Assigned task
Each line from the start of the records through the line containing "rewrite /move_unit /= -[X" is to be transcribed exactly, and no other line is to be included.

Excerpted data
----

Lemma transfer_shift_newrow a b : 1 < a -> 1 < b ->
  transfer (rect_shift a b) (rect_newrow a b).
Proof.
move=> a_gt1 b_gt1; apply/transferP; exists 0, b.
rewrite size_rect_shift //; split => //; try lia; split; last first.
  by apply/eqP => /(congr1 size); rewrite size_rect_shift ?size_rect_newrow //; lia.
have size_b : size (a :: nseq (b - 2) a ++ [:: a.-1]) = b by rewrite /= size_cat size_nseq /=; lia.
rewrite /move_unit /= -[X in incr_nth _ X]size_b incr_nth_size.
have -> : rcons (a :: nseq (b - 2) a ++ [:: a.-1]) 1 = rect_newrow a b.
  by rewrite /rect_newrow -cats1 /= -catA (_ : b - 1 = (b - 2).+1) //; lia.
have /and3P[sorted_newrow pos_newrow _] := part_rect_newrow a_gt1 (ltnW b_gt1).
by rewrite (all_filterP pos_newrow) sorted_sort //; exact: geq_trans.
Qed.

Lemma part_size_le n q : is_part n q -> size q <= n /\ all (fun x => x <= n) q.
Proof.
case/and3P => _ + /eqP <-; elim: q => //= x q IH /andP[x_gt0 /IH[size_q le_q]].
split; first lia.
by rewrite leq_addr; apply/allP => y /(allP le_q); lia.
Qed.

Definition encode n (q : seq nat) : code n := [tuple inord (nth 0 q k) | k < n].

Lemma val_encode n q : is_part n q -> map val (encode n q) = q ++ nseq (n - size q) 0.
Proof.
move=> /part_size_le[size_q /allP le_q]; apply: (@eq_from_nth _ 0).
  by rewrite size_map size_tuple size_cat size_nseq; lia.
move=> k; rewrite size_map size_tuple => lt_k.
rewrite (nth_map ord0) ?size_tuple // -[k]/(nat_of_ord (Ordinal lt_k)) nth_mktuple /=.
rewrite inordK; last first.
  case: (ltnP k (size q)) => [lt_kq | ge_kq]; last by rewrite nth_default.
  exact: le_q (mem_nth 0 lt_kq).
by rewrite nth_cat; case: ltnP => // ge_k; rewrite nth_default // nth_nseq; case: ifP.
Qed.

Lemma sorted_geq_pad q m : sorted geq q -> sorted geq (q ++ nseq m 0).
Proof.
case: q => [_|x q]; first exact: sorted_rect 0 m.
rewrite /= cat_path => -> /=.
by rewrite -[nseq m 0]cats0 (path_le geq_trans (leq0n _)) // path_geq_nseq.
Qed.

Lemma sorted_geq_split s : sorted geq s ->
  s = [seq x <- s | 0 < x] ++ nseq (size s - size [seq x <- s | 0 < x]) 0.
Proof.
elim: s => //= x s IH sorted_xs; have /IH {1}-> := path_sorted sorted_xs.
case: x sorted_xs => [|x] //= sorted_xs; rewrite ?subSS //.
have /all_pred1P -> : all (pred1 0) s.
  by apply/allP => y /(allP (order_path_min geq_trans sorted_xs)); rewrite /= leqn0.
by rewrite filter_nseq subn0.
Qed.

Lemma encode_Vtx n q : is_part n q -> encode n q \in Vtx n.
Proof.
move=> part_q; rewrite inE /decode val_encode // filter_cat filter_nseq /= cats0.
by rewrite (all_filterP _) ?part_q ?sorted_geq_pad //; case/and3P: part_q.
Qed.

Lemma decode_encode n q : is_part n q -> decode (encode n q) = q.
Proof.
move=> part_q; rewrite /decode val_encode // filter_cat filter_nseq /= cats0.
by apply/all_filterP; case/and3P: part_q.
Qed.

Lemma decode_inj n : {in Vtx n &, injective (@decode n)}.
Proof.
move=> c c'; rewrite !inE => /andP[_ sorted_c] /andP[_ sorted_c'] eq_cc'.
apply/val_inj/(inj_map val_inj).
rewrite (sorted_geq_split sorted_c) (sorted_geq_split sorted_c') !size_map !size_tuple.
by rewrite -[filter _ _]/(decode c) -[filter _ (map _ c')]/(decode c') eq_cc'.
Qed.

----

Task output
Lemma transfer_shift_newrow a b : 1 < a -> 1 < b ->
  transfer (rect_shift a b) (rect_newrow a b).
Proof.
move=> a_gt1 b_gt1; apply/transferP; exists 0, b.
rewrite size_rect_shift //; split => //; try lia; split; last first.
  by apply/eqP => /(congr1 size); rewrite size_rect_shift ?size_rect_newrow //; lia.
have size_b : size (a :: nseq (b - 2) a ++ [:: a.-1]) = b by rewrite /= size_cat size_nseq /=; lia.
rewrite /move_unit /= -[X in incr_nth _ X]size_b incr_nth_size.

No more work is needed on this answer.